Sway hurried to get the other plate out the microwave. “Just in time Tweetie, and yes, there’s bacon left.”

He set his mom’s nurse, slash, neighbor, slash, best friend’s food on the table while she set her day bag on the opposite end of the couch so she could crochet under the best light. As soon as Sway and his mom had moved into the Magnolia Park low-income apartments she’d been a whirlwind of information and inappropriate banter. She’d given them the entire lowdown on the neighborhood before they’d even fully unpacked their U-haul. Sway laughed remembering how Dana had adamantly avoided her craziness while he’d helped them move in.

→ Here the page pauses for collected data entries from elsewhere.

(* Let $G$ be an $n$-resource selection game with I.D.-dependent weighting. Then $h^s_j=h^{s'}_j$ for every $j\in[n]$ and every two strong Nash equilibria $s,s'$ of $G$.
   Context: For $n,k\in\mathbb{N}$, an $n$-resource/$k$-player-type resource selection game with I.D.-dependent weighting is a triple $\bigl((f_j)_{j=1}^n;(R^i)_{i=1}^k;(f^i_j)_{i\in[k],j\in R^i}\bigr)$ where each $f_j:[0,\infty)\to\mathbb{R}$ is nondecreasing, each $R^i$ is a nonempty subset of $[n]$, and each $f^i_j:[0,1]\to[0,\infty)$ is increasing (no continuity assumed). A consumption profile is a map $s:[k]\to[0,\infty)^{[n]}$ with $s_j(i)=0$ for $j\notin R^i$ and $\sum_j s_j(i)=1$. The weighted load of resource $j$ is $\mu^s_j=\sum_{i:\,j\in R^i}f^i_j(s_j(i))$ and its cost is $h^s_j=f_j(\mu^s_j)$. $s$ is a Nash equilibrium if for every $i\in[k]$, every $\ell$ with $s_\ell(i)>0$ and every $j\in R^i$, $h^s_\ell\le h^s_j$. For a Nash equilibrium $s$ and $i\in[k]$, let $h^i=h^s_\ell$ for any $\ell$ with $s_\ell(i)>0$. A Nash equilibrium $s$ is strong if there is no consumption profile $s'\ne s$ such that for every $i\in[k]$ and every $\ell$ with $s'_\ell(i)>s_\ell(i)$, $h^{s'}_\ell<h^i$. *)

From Stdlib Require Export Reals Lra.
Open Scope R_scope.

Fixpoint rsum (m : nat) (g : nat -> R) : R :=
  match m with
  | O => 0
  | S m' => rsum m' g + g m'
  end.

(* A game with n resources 0..n-1 and k player types 0..k-1:
   f j        : cost function of resource j
   Rs i j     : membership j \in R^i (boolean)
   fw i j     : the weighting f^i_j
   A profile s : nat -> nat -> R, with s i j = s_j(i). *)

Record game (n k : nat) := Game {
  f  : nat -> R -> R;
  Rs : nat -> nat -> bool;
  fw : nat -> nat -> R -> R
}.
Arguments f {n k}.
Arguments Rs {n k}.
Arguments fw {n k}.

Definition valid_game {n k} (G : game n k) : Prop :=
  (forall j, (j < n)%nat -> forall x y, 0 <= x -> x <= y -> f G j x <= f G j y)
  /\ (forall i, (i < k)%nat ->
        (forall j, Rs G i j = true -> (j < n)%nat)
        /\ (exists j, Rs G i j = true))
  /\ (forall i j, (i < k)%nat -> Rs G i j = true ->
        (forall x, 0 <= x <= 1 -> 0 <= fw G i j x)
        /\ (forall x y, 0 <= x -> x < y -> y <= 1 -> fw G i j x < fw G i j y)).

Definition profile {n k} (G : game n k) (s : nat -> nat -> R) : Prop :=
  forall i, (i < k)%nat ->
    (forall j, (j < n)%nat -> 0 <= s i j)
    /\ (forall j, (j < n)%nat -> Rs G i j = false -> s i j = 0)
    /\ rsum n (s i) = 1.

Definition load {n k} (G : game n k) (s : nat -> nat -> R) (j : nat) : R :=
  rsum k (fun i => if Rs G i j then fw G i j (s i j) else 0).

Definition cost {n k} (G : game n k) (s : nat -> nat -> R) (j : nat) : R :=
  f G j (load G s j).

Definition nash {n k} (G : game n k) (s : nat -> nat -> R) : Prop :=
  profile G s /\
  forall i l j, (i < k)%nat -> (l < n)%nat -> (j < n)%nat ->
    0 < s i l -> Rs G i j = true -> cost G s l <= cost G s j.

(* h^i = h^s_{l0} for any l0 with s_{l0}(i) > 0 (well defined at a NE). *)
Definition strong_nash {n k} (G : game n k) (s : nat -> nat -> R) : Prop :=
  nash G s /\
  ~ exists s', profile G s'
      /\ (exists i j, (i < k)%nat /\ (j < n)%nat /\ s' i j <> s i j)
      /\ (forall i l, (i < k)%nat -> (l < n)%nat -> s i l < s' i l ->
            forall l0, (l0 < n)%nat -> 0 < s i l0 ->
              cost G s' l < cost G s l0).

(* If a strong equilibrium s had some resource l costlier than under another
   equilibrium s', then some player type i puts less weight on l under s' than
   under s, so its equilibrium cost drops from s to s'.  Let the coalition of
   all player types whose cost drops switch from s to s'.  A resource that a
   member moves weight onto is cheaper under s' than under s; no outsider uses
   it under s (it would then have joined the coalition), so its load after the
   switch is at most its load under s'.  Every member thus strictly gains,
   contradicting strength.  Hence costs under s are bounded by those under s',
   and symmetry gives equality. *)

From Stdlib Require Import Lia Classical ClassicalEpsilon.
Open Scope R_scope.

Lemma rsum_le m g h :
  (forall i, (i < m)%nat -> g i <= h i) -> rsum m g <= rsum m h.
Proof.
  induction m as [|m IH]; simpl; intros Hgh; [lra|].
  assert (rsum m g <= rsum m h) by (apply IH; intros; apply Hgh; lia).
  assert (g m <= h m) by (apply Hgh; lia).
  lra.
Qed.

Lemma rsum_lt_exists m g h :
  rsum m g < rsum m h -> exists i, (i < m)%nat /\ g i < h i.
Proof.
  intros Hlt. apply NNPP; intros Hnone.
  assert (rsum m h <= rsum m g); [|lra].
  apply rsum_le; intros i Hi.
  apply Rnot_lt_le; intros Hi'. apply Hnone. now exists i.
Qed.

Lemma rsum_nonneg m g : (forall i, (i < m)%nat -> 0 <= g i) -> 0 <= rsum m g.
Proof.
  induction m as [|m IH]; simpl; intros Hg; [lra|].
  assert (0 <= rsum m g) by (apply IH; intros; apply Hg; lia).
  assert (0 <= g m) by (apply Hg; lia).
  lra.
Qed.

Lemma rsum_term_le m g j :
  (forall i, (i < m)%nat -> 0 <= g i) -> (j < m)%nat -> g j <= rsum m g.
Proof.
  induction m as [|m IH]; simpl; intros Hg Hj; [lia|].
  assert (0 <= rsum m g) by (apply rsum_nonneg; intros; apply Hg; lia).
  destruct (Nat.eq_dec j m) as [->|Hjm].
  - lra.
  - assert (g j <= rsum m g) by (apply IH; [intros; apply Hg; lia | lia]).
    assert (0 <= g m) by (apply Hg; lia).
    lra.
Qed.

Lemma rsum_neq0_exists m g : rsum m g <> 0 -> exists j, (j < m)%nat /\ g j <> 0.
Proof.
  induction m as [|m IH]; simpl; intros Hg; [lra|].
  destruct (Req_dec (g m) 0) as [Hm|Hm].
  - destruct IH as [j [Hj Hgj]]; [lra|]. exists j; split; [lia | exact Hgj].
  - exists m; split; [lia | exact Hm].
Qed.

Section ResourceSelection.
Variables (n k : nat) (G : game n k).

Lemma profile_nonneg s i j :
  profile G s -> (i < k)%nat -> (j < n)%nat -> 0 <= s i j.
Proof. intros Hs Hi Hj. exact (proj1 (Hs i Hi) j Hj). Qed.

Lemma profile_le1 s i j :
  profile G s -> (i < k)%nat -> (j < n)%nat -> s i j <= 1.
Proof.
  intros Hs Hi Hj. destruct (Hs i Hi) as [Hnn [_ Hsum]].
  rewrite <- Hsum. now apply rsum_term_le.
Qed.

Lemma profile_support_allowed s i j :
  profile G s -> (i < k)%nat -> (j < n)%nat -> 0 < s i j -> Rs G i j = true.
Proof.
  intros Hs Hi Hj Hpos. destruct (Rs G i j) eqn:E; [reflexivity|].
  destruct (Hs i Hi) as [_ [Hout _]]. rewrite (Hout j Hj E) in Hpos. lra.
Qed.

Lemma profile_support_exists s i :
  profile G s -> (i < k)%nat -> exists j, (j < n)%nat /\ 0 < s i j.
Proof.
  intros Hs Hi. destruct (Hs i Hi) as [Hnn [_ Hsum]].
  destruct (rsum_neq0_exists n (s i)) as [j [Hj Hsj]]; [lra|].
  exists j; split; [exact Hj|]. specialize (Hnn j Hj). lra.
Qed.

Hypothesis HG : valid_game G.

Lemma fw_nonneg i j x :
  (i < k)%nat -> Rs G i j = true -> 0 <= x <= 1 -> 0 <= fw G i j x.
Proof. intros Hi Hij. destruct HG as [_ [_ Hfw]]. exact (proj1 (Hfw i j Hi Hij) x). Qed.

Lemma fw_le i j x y :
  (i < k)%nat -> Rs G i j = true -> 0 <= x -> x <= y -> y <= 1 ->
  fw G i j x <= fw G i j y.
Proof.
  intros Hi Hij Hx Hxy Hy. destruct HG as [_ [_ Hfw]].
  destruct (Rle_lt_or_eq_dec _ _ Hxy) as [Hlt | ->]; [|lra].
  left. exact (proj2 (Hfw i j Hi Hij) x y Hx Hlt Hy).
Qed.

Lemma load_nonneg s j : profile G s -> (j < n)%nat -> 0 <= load G s j.
Proof.
  intros Hs Hj. apply rsum_nonneg; intros i Hi.
  destruct (Rs G i j) eqn:Hij; [|lra].
  apply fw_nonneg; auto.
  split; [now apply profile_nonneg | now apply profile_le1].
Qed.

Lemma load_le s s' j :
  profile G s -> profile G s' -> (j < n)%nat ->
  (forall i, (i < k)%nat -> Rs G i j = true -> s i j <= s' i j) ->
  load G s j <= load G s' j.
Proof.
  intros Hs Hs' Hj Hle. apply rsum_le; intros i Hi.
  destruct (Rs G i j) eqn:Hij; [|lra].
  apply fw_le; auto; [now apply profile_nonneg | now apply profile_le1].
Qed.

Lemma cost_le_of_load_le s s' j :
  profile G s -> (j < n)%nat -> load G s j <= load G s' j ->
  cost G s j <= cost G s' j.
Proof.
  intros Hs Hj Hle. destruct HG as [Hf _].
  apply Hf; [exact Hj | now apply load_nonneg | exact Hle].
Qed.

Lemma share_drop_of_cost_drop s s' j :
  profile G s -> profile G s' -> (j < n)%nat -> cost G s' j < cost G s j ->
  exists i, (i < k)%nat /\ Rs G i j = true /\ s' i j < s i j.
Proof.
  intros Hs Hs' Hj Hcost.
  assert (Hload : load G s' j < load G s j).
  { apply Rnot_le_lt; intros Hle.
    pose proof (cost_le_of_load_le s s' j Hs Hj Hle). lra. }
  destruct (rsum_lt_exists _ _ _ Hload) as [i [Hi Hlt]].
  destruct (Rs G i j) eqn:Hij; [|lra].
  exists i; split; [exact Hi | split; [exact Hij |]].
  apply Rnot_le_lt; intros Hle.
  pose proof (fw_le i j (s i j) (s' i j) Hi Hij
                (profile_nonneg s i j Hs Hi Hj) Hle (profile_le1 s' i j Hs' Hi Hj)).
  lra.
Qed.

(* [h^{s'}(i) < h^s(i)], with the equilibrium costs read off support resources [a] of [s i] and [b] of [s' i]. *)
Definition improves (s s' : nat -> nat -> R) (i : nat) : Prop :=
  exists a b, (a < n)%nat /\ (b < n)%nat /\ 0 < s i a /\ 0 < s' i b /\
    cost G s' b < cost G s a.

Lemma improves_of_cost_drop s s' i j :
  nash G s' -> (i < k)%nat -> (j < n)%nat -> Rs G i j = true ->
  0 < s i j -> cost G s' j < cost G s j -> improves s s' i.
Proof.
  intros [Hs' Ns'] Hi Hj Hij Hpos Hcost.
  destruct (profile_support_exists s' i Hs' Hi) as [b [Hb Hbpos]].
  exists j, b; repeat split; auto.
  pose proof (Ns' i b j Hi Hb Hj Hbpos Hij). lra.
Qed.

Lemma improves_cost_lt s s' i l0 l1 :
  nash G s -> nash G s' -> (i < k)%nat -> improves s s' i ->
  (l0 < n)%nat -> (l1 < n)%nat -> 0 < s i l0 -> 0 < s' i l1 ->
  cost G s' l1 < cost G s l0.
Proof.
  intros [Hs Ns] [Hs' Ns'] Hi [a [b [Ha [Hb [Hapos [Hbpos Hab]]]]]] Hl0 Hl1 H0 H1.
  pose proof (Ns i a l0 Hi Ha Hl0 Hapos (profile_support_allowed s i l0 Hs Hi Hl0 H0)).
  pose proof (Ns' i l1 b Hi Hl1 Hb H1 (profile_support_allowed s' i b Hs' Hi Hb Hbpos)).
  lra.
Qed.

Definition coalition_move (s s' : nat -> nat -> R) : nat -> nat -> R :=
  fun i j => if excluded_middle_informative (improves s s' i) then s' i j else s i j.

Lemma coalition_move_in s s' i j : improves s s' i -> coalition_move s s' i j = s' i j.
Proof.
  intros Himp. unfold coalition_move.
  destruct (excluded_middle_informative _); [reflexivity | contradiction].
Qed.

Lemma coalition_move_out s s' i j : ~ improves s s' i -> coalition_move s s' i j = s i j.
Proof.
  intros Himp. unfold coalition_move.
  destruct (excluded_middle_informative _); [contradiction | reflexivity].
Qed.

Lemma coalition_move_profile s s' :
  profile G s -> profile G s' -> profile G (coalition_move s s').
Proof.
  intros Hs Hs' i Hi. unfold coalition_move.
  destruct (excluded_middle_informative _); auto.
Qed.

Lemma coalition_move_cost_le s s' j :
  nash G s -> nash G s' -> (j < n)%nat -> cost G s' j < cost G s j ->
  cost G (coalition_move s s') j <= cost G s' j.
Proof.
  intros [Hs Ns] [Hs' Ns'] Hj Hcost.
  apply cost_le_of_load_le; [now apply coalition_move_profile | exact Hj |].
  apply load_le; [now apply coalition_move_profile | exact Hs' | exact Hj |].
  intros i Hi Hij.
  destruct (classic (improves s s' i)) as [Himp | Hout].
  - rewrite coalition_move_in by exact Himp. lra.
  - rewrite coalition_move_out by exact Hout.
    destruct (Rle_lt_or_eq_dec _ _ (profile_nonneg s i j Hs Hi Hj)) as [Hpos | <-].
    + exfalso. apply Hout.
      apply (improves_of_cost_drop s s' i j); auto. split; assumption.
    + now apply profile_nonneg.
Qed.

Lemma strong_nash_cost_le s s' j :
  strong_nash G s -> nash G s' -> (j < n)%nat -> cost G s j <= cost G s' j.
Proof.
  intros [Ns Hstrong] Ns' Hj. pose proof Ns as [Hs Nsr]. pose proof Ns' as [Hs' _].
  apply Rnot_lt_le; intros Hcost.
  destruct (share_drop_of_cost_drop s s' j Hs Hs' Hj Hcost) as [i0 [Hi0 [Hi0j Hdrop]]].
  assert (Hpos : 0 < s i0 j) by (pose proof (profile_nonneg s' i0 j Hs' Hi0 Hj); lra).
  assert (Himp0 : improves s s' i0) by (now apply (improves_of_cost_drop s s' i0 j)).
  apply Hstrong. exists (coalition_move s s'); split; [|split].
  - now apply coalition_move_profile.
  - exists i0, j; repeat split; auto.
    rewrite coalition_move_in by exact Himp0. lra.
  - intros i l Hi Hl Hgrow l0 Hl0 H0.
    destruct (classic (improves s s' i)) as [Himp | Hout];
      [| rewrite coalition_move_out in Hgrow by exact Hout; lra].
    rewrite coalition_move_in in Hgrow by exact Himp.
    assert (H1 : 0 < s' i l) by (pose proof (profile_nonneg s i l Hs Hi Hl); lra).
    assert (Hlt0 : cost G s' l < cost G s l0) by (now apply (improves_cost_lt s s' i)).
    pose proof (Nsr i l0 l Hi Hl0 Hl H0 (profile_support_allowed s' i l Hs' Hi Hl H1)).
    pose proof (coalition_move_cost_le s s' l Ns Ns' Hl ltac:(lra)).
    lra.
Qed.

End ResourceSelection.

Theorem mainTheorem6 (n k : nat) (G : game n k) (s s' : nat -> nat -> R) :
  valid_game G -> strong_nash G s -> strong_nash G s' ->
  forall j, (j < n)%nat -> cost G s j = cost G s' j.
Proof.
  intros HG Hs Hs' j Hj.
  pose proof (strong_nash_cost_le n k G HG s s' j Hs (proj1 Hs') Hj).
  pose proof (strong_nash_cost_le n k G HG s' s j Hs' (proj1 Hs) Hj).
  lra.
Qed.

Somehow, her rambunctious demeanor had been just what he and his mom had needed. At that time, his twin brother had only been gone a few years and the pain was still as raw as the first day they’d gotten the news. Things were solemn and quiet in their home. The pressure to be the best son in the world weighed down on Sway like a two-ton safe as he’d tried to figure out how he was going to afford the rent, utilities, his mother’s needs and his own on his small earnings. Fresh out of school, he knew he’d have to put in his dues to get the salary he desired. As he prepared for his first real job as a nurse at Emory, he couldn’t’ve been more relieved when Tweetie had explained to him that she was a home health care aide and she knew how to get Sway’s mom signed up and approved for those state-based services. She could have someone there with her while he was at work to provide basic care if she needed it. There wasn’t much Sway could do about his mom’s arthritis. She had good and not so good days. Her joints could lock up so bad that all she could do was cry from the excruciating pain. It tore at Sway’s heart to see her hurting and not be able to take it away.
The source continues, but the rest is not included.